*** Block opens ***
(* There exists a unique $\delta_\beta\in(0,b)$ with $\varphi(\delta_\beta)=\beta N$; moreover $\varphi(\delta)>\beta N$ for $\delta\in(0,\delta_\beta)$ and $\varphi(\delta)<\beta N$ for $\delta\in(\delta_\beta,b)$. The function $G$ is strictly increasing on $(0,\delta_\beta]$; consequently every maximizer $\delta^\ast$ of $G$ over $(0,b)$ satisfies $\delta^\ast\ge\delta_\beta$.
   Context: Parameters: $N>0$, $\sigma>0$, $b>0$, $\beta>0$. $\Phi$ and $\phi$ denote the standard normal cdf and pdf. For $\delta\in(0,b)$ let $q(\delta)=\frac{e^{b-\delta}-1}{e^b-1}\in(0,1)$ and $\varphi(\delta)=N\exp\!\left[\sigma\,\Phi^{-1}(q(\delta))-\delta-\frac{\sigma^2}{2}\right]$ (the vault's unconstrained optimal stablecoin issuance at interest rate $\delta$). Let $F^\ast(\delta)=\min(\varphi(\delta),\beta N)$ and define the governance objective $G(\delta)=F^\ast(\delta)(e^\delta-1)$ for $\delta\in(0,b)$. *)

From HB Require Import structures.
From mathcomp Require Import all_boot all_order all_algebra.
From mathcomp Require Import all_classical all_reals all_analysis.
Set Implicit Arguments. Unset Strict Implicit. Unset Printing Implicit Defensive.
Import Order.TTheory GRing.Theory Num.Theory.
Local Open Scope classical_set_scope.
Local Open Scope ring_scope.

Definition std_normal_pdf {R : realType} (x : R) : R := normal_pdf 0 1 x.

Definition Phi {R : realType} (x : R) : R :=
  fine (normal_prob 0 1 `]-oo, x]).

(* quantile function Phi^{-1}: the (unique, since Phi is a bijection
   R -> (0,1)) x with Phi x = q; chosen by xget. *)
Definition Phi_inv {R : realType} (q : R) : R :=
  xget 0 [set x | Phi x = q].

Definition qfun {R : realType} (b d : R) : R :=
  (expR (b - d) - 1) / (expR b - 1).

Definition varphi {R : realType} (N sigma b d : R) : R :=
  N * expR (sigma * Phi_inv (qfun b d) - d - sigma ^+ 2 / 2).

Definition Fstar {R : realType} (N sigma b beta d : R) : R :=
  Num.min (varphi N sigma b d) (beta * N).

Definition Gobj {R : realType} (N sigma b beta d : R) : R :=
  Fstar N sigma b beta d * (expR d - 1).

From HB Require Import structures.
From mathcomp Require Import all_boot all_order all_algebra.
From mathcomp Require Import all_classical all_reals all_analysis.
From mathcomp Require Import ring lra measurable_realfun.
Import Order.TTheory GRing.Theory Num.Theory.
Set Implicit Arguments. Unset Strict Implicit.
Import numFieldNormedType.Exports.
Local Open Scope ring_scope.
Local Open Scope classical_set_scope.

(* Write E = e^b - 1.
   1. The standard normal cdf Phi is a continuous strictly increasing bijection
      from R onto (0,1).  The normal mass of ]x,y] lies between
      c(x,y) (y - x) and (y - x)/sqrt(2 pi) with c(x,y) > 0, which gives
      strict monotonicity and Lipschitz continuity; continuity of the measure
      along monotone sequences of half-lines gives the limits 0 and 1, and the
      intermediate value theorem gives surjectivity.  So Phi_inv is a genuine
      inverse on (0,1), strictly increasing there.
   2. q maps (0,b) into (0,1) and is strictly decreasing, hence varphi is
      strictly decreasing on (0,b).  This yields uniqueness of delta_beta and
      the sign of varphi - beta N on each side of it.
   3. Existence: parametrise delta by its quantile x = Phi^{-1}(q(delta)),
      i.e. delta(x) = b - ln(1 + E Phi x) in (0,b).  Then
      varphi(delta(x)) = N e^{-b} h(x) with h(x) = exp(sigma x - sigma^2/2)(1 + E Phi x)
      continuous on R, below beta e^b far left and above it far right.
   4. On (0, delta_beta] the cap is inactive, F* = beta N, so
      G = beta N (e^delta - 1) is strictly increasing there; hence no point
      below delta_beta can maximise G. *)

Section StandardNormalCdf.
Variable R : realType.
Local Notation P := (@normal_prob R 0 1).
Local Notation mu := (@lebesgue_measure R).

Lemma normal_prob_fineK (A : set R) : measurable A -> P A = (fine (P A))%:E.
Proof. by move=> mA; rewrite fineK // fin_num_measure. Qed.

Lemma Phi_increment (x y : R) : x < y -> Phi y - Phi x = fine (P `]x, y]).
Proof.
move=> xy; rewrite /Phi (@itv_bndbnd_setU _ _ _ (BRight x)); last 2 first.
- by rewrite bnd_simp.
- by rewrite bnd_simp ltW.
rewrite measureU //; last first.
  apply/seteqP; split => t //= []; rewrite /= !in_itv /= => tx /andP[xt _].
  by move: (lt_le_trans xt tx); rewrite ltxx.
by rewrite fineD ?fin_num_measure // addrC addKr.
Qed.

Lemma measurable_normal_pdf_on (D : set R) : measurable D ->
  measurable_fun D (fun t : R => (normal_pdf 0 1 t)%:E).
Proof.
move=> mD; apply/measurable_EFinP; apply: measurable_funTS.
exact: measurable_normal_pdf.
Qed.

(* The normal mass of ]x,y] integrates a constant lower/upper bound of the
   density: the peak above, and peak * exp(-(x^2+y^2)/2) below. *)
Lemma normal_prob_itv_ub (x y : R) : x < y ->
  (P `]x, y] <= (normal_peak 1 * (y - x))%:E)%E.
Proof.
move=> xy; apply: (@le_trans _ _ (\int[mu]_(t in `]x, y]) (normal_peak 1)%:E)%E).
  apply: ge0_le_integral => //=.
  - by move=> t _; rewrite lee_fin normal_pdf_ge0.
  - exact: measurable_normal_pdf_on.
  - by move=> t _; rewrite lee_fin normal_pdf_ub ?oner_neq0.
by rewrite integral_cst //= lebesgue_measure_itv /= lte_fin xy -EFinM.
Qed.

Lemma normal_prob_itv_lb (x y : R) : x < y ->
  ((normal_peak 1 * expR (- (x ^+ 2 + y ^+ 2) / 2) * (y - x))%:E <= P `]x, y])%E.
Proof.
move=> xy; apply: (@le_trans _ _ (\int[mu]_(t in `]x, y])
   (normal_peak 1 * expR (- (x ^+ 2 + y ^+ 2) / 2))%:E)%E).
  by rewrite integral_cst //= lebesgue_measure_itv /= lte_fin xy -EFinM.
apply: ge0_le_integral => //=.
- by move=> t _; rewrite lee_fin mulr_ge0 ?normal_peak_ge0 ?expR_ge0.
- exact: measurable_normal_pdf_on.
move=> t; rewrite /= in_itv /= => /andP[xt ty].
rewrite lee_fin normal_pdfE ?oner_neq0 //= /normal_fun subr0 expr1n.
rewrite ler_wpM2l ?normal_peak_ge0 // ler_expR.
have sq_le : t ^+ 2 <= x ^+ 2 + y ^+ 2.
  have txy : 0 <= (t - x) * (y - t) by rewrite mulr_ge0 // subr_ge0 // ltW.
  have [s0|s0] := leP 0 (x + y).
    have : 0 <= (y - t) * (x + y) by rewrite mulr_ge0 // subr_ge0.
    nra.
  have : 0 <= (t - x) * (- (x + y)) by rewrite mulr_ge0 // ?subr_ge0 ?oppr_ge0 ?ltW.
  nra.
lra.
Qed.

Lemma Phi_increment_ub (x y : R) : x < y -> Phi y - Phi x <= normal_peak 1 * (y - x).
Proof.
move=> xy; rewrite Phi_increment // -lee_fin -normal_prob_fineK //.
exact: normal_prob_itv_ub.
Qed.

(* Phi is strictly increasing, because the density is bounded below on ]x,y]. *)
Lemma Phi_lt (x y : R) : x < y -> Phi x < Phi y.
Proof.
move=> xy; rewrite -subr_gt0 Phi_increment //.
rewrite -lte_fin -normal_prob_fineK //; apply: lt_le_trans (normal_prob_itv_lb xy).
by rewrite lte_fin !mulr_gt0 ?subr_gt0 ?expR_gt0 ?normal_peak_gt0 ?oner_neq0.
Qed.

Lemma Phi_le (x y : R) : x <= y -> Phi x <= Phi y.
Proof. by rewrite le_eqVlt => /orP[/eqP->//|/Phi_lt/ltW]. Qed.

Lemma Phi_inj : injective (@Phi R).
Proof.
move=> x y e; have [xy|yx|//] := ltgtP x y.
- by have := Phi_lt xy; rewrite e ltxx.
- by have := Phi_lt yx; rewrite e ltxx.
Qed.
*** Block closes ***
*** Block opens ***
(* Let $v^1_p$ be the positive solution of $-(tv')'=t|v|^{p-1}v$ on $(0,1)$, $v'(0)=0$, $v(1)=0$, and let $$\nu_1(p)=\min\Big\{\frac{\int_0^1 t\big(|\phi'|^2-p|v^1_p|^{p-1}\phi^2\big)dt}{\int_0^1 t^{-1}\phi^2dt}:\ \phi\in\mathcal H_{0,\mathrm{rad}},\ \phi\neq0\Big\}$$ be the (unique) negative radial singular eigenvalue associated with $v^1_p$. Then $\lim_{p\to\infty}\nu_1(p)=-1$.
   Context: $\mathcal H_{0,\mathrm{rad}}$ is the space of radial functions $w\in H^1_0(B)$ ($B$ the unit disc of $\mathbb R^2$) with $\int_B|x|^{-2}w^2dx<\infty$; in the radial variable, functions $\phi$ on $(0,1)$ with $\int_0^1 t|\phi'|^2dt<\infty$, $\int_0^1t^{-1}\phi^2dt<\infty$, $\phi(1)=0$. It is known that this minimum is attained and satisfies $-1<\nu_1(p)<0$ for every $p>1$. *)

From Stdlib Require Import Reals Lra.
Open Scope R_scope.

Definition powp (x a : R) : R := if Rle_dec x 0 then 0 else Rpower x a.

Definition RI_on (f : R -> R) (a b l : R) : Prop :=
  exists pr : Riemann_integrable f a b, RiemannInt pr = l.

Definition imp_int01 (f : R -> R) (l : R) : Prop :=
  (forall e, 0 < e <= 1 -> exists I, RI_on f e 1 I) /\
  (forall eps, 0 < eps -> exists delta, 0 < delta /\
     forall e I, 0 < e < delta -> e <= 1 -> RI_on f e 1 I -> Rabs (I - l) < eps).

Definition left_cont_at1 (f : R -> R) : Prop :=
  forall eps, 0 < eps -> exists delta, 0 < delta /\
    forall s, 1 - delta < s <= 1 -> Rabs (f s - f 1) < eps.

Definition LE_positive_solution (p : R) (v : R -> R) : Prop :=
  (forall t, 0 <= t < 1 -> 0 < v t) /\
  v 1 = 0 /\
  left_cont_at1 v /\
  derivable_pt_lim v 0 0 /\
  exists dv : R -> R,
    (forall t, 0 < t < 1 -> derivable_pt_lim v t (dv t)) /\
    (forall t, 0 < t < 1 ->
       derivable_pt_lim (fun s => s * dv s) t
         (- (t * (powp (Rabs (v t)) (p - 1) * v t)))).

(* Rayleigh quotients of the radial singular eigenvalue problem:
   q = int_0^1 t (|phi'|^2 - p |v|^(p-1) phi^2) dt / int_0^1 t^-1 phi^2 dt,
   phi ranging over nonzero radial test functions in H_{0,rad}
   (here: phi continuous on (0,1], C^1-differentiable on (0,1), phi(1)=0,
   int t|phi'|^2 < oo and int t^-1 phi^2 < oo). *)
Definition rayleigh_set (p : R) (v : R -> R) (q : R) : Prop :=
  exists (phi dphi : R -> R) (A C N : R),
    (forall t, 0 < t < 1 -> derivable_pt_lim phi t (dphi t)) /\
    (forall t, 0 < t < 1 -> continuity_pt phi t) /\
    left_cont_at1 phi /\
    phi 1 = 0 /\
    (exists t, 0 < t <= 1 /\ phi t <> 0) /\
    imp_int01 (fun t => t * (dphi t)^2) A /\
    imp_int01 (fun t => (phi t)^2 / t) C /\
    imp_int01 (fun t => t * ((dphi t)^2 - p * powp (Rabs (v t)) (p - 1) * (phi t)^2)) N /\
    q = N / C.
*** Block closes ***
*** Block opens ***
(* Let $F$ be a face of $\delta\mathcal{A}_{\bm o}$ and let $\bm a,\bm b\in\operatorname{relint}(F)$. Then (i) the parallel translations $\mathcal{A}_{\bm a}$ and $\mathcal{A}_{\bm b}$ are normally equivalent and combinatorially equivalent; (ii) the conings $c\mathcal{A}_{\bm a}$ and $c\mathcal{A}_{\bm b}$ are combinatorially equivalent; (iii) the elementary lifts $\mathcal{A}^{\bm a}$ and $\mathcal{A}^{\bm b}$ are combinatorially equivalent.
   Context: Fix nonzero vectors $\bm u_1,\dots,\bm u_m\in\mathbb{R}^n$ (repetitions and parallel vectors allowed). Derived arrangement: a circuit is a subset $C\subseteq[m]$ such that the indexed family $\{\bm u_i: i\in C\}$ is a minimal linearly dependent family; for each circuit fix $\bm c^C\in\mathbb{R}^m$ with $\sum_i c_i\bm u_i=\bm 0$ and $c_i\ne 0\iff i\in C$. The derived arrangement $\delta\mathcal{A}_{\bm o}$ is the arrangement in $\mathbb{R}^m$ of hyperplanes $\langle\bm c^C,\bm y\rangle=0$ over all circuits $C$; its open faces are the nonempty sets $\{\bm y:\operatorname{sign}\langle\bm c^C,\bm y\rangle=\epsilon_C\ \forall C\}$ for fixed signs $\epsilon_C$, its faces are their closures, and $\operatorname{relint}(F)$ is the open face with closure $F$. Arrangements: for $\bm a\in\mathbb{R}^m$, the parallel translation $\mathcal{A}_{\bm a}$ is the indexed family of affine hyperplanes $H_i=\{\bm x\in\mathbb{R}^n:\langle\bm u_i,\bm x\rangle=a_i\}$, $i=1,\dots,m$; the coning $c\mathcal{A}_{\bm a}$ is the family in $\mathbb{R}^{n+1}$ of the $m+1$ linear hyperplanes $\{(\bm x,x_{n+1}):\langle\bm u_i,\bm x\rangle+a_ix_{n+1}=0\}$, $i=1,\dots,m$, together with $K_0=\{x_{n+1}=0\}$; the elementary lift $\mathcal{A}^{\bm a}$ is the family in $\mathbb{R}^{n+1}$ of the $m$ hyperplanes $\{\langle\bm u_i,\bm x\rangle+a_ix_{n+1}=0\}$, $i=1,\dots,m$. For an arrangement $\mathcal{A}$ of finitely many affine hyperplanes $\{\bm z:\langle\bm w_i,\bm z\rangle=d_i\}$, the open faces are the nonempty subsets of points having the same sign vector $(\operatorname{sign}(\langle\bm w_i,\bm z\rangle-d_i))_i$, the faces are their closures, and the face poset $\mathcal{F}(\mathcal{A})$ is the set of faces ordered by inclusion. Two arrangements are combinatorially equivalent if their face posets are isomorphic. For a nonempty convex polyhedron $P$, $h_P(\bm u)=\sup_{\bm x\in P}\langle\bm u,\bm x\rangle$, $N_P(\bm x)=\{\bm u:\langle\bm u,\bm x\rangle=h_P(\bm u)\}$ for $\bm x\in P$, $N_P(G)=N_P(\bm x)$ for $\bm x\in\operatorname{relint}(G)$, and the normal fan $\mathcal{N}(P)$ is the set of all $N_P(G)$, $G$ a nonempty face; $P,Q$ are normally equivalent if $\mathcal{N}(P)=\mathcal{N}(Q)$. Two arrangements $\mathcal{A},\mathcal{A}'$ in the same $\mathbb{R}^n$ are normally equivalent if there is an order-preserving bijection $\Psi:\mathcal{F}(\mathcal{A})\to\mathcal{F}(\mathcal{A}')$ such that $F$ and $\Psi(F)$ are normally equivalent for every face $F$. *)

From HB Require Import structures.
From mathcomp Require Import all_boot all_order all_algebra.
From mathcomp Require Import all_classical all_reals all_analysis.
*** Block closes ***
*Work instructions*
For each line of the entries that holds the word "apply", pull that line out.

*Finished exercise*
  apply/seteqP; split => t //= []; rewrite /= !in_itv /= => tx /andP[xt _].
move=> mD; apply/measurable_EFinP; apply: measurable_funTS.
move=> xy; apply: (@le_trans _ _ (\int[mu]_(t in `]x, y]) (normal_peak 1)%:E)%E).
  apply: ge0_le_integral => //=.
move=> xy; apply: (@le_trans _ _ (\int[mu]_(t in `]x, y])
apply: ge0_le_integral => //=.
rewrite -lte_fin -normal_prob_fineK //; apply: lt_le_trans (normal_prob_itv_lb xy).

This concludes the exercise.